Exercise: Produce word for word the lines of the data below running from the one that has "forall w a b, inW" to the one that has "is_maximal le X x /\", inclusive, and no others.

[Start of section]

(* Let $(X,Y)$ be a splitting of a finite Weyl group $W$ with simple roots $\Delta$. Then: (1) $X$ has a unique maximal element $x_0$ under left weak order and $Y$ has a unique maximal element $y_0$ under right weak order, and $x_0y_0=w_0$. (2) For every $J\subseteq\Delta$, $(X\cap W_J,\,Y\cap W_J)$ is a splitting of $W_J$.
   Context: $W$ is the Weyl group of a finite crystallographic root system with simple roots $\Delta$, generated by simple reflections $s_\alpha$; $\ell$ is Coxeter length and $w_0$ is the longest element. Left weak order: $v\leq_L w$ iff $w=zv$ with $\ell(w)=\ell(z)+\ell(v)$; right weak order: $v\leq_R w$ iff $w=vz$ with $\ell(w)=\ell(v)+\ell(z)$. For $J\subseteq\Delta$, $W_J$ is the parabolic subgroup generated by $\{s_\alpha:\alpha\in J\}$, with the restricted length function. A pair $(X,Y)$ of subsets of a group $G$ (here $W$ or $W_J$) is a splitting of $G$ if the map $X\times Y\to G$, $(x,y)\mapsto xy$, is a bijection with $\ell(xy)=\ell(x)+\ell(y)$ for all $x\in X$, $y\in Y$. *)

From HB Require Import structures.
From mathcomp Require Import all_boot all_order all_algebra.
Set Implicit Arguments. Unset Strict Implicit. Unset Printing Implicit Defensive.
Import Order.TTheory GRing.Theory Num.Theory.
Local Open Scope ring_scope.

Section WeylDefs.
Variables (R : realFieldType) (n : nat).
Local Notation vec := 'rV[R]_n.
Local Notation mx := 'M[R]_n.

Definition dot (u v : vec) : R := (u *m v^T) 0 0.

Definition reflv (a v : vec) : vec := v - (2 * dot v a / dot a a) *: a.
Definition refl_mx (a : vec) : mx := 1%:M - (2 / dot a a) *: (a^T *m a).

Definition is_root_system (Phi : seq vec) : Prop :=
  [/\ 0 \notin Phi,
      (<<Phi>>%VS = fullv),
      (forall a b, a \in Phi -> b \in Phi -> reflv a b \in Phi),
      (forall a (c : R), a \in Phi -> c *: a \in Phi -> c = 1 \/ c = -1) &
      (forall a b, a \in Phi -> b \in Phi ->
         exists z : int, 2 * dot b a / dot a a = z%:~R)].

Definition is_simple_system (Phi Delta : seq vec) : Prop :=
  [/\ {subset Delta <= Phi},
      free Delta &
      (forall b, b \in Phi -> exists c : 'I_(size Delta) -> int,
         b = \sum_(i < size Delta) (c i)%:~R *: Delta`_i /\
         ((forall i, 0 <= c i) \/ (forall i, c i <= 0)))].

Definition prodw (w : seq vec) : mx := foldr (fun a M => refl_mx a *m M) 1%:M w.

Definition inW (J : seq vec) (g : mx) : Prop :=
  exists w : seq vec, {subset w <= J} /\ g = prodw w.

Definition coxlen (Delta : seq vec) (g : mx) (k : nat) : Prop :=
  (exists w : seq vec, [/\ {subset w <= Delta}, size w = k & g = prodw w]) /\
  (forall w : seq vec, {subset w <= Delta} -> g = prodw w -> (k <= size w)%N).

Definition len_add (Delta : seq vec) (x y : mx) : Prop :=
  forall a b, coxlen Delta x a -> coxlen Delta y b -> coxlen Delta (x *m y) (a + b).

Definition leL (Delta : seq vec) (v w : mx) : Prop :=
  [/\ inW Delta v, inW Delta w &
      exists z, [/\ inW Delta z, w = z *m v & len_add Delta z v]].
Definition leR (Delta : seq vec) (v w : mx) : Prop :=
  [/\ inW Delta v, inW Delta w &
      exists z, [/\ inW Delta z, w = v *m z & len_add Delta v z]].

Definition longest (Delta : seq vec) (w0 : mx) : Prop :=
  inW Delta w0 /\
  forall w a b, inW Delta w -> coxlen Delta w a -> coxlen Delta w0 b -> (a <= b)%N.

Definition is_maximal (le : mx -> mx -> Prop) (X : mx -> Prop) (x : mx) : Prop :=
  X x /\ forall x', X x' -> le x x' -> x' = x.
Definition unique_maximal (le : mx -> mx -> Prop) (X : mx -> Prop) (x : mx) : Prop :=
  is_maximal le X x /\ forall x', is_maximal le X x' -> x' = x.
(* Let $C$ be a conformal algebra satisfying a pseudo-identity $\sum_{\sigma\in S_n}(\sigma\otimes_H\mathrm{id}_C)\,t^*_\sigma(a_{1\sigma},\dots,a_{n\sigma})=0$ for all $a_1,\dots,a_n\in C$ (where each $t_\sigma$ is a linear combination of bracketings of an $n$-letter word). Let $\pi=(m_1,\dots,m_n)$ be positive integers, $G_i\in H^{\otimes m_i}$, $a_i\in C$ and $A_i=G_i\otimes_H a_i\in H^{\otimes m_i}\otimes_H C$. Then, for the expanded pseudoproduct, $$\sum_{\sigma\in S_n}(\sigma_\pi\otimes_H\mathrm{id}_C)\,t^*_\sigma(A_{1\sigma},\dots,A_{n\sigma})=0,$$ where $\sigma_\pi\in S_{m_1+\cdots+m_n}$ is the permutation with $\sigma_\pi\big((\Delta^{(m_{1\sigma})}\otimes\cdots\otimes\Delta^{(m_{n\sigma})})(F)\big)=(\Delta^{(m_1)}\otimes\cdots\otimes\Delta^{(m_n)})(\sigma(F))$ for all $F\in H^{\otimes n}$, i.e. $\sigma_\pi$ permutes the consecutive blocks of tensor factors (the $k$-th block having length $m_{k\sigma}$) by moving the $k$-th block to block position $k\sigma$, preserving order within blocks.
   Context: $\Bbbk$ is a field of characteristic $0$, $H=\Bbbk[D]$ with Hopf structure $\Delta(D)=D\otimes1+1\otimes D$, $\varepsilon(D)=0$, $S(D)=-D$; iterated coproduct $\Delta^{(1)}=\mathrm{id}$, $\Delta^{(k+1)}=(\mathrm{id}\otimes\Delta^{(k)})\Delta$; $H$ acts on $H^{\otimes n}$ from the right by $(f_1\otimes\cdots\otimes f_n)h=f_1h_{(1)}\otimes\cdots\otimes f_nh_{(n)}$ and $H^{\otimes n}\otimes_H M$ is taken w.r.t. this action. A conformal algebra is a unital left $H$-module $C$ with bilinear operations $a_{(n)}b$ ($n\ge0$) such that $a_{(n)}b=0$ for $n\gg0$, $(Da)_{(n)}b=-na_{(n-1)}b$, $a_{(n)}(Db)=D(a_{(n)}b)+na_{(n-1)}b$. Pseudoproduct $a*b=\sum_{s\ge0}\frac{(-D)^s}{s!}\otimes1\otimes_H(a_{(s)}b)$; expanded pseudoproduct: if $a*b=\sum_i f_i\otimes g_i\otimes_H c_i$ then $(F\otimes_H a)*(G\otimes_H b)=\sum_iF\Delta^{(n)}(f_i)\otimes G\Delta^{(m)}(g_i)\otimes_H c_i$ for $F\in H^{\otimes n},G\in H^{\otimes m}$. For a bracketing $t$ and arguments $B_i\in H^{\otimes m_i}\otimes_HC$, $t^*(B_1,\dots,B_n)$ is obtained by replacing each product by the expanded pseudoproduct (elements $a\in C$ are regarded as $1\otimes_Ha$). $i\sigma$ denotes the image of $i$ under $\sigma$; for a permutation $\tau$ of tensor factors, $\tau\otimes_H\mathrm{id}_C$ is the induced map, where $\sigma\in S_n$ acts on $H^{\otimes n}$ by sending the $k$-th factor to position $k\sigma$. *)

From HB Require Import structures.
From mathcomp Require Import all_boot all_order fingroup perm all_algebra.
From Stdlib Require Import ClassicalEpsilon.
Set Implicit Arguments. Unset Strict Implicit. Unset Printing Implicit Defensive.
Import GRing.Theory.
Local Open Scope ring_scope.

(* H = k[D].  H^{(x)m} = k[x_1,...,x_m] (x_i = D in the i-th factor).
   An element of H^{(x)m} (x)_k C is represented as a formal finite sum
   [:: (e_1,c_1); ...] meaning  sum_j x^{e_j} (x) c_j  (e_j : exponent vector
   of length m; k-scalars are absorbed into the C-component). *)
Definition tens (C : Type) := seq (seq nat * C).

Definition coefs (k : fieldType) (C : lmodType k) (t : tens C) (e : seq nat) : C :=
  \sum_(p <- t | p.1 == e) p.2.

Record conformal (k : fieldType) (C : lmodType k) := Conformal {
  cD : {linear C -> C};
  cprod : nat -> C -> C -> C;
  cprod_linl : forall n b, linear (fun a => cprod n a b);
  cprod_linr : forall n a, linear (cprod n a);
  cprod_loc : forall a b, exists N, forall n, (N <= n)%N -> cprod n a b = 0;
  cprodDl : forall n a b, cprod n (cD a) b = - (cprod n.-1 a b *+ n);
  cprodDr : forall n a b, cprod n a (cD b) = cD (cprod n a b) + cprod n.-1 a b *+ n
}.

[End of section]

Your solution:
  forall w a b, inW Delta w -> coxlen Delta w a -> coxlen Delta w0 b -> (a <= b)%N.

Definition is_maximal (le : mx -> mx -> Prop) (X : mx -> Prop) (x : mx) : Prop :=
  X x /\ forall x', X x' -> le x x' -> x' = x.
Definition unique_maximal (le : mx -> mx -> Prop) (X : mx -> Prop) (x : mx) : Prop :=
  is_maximal le X x /\ forall x', is_maximal le X x' -> x' = x.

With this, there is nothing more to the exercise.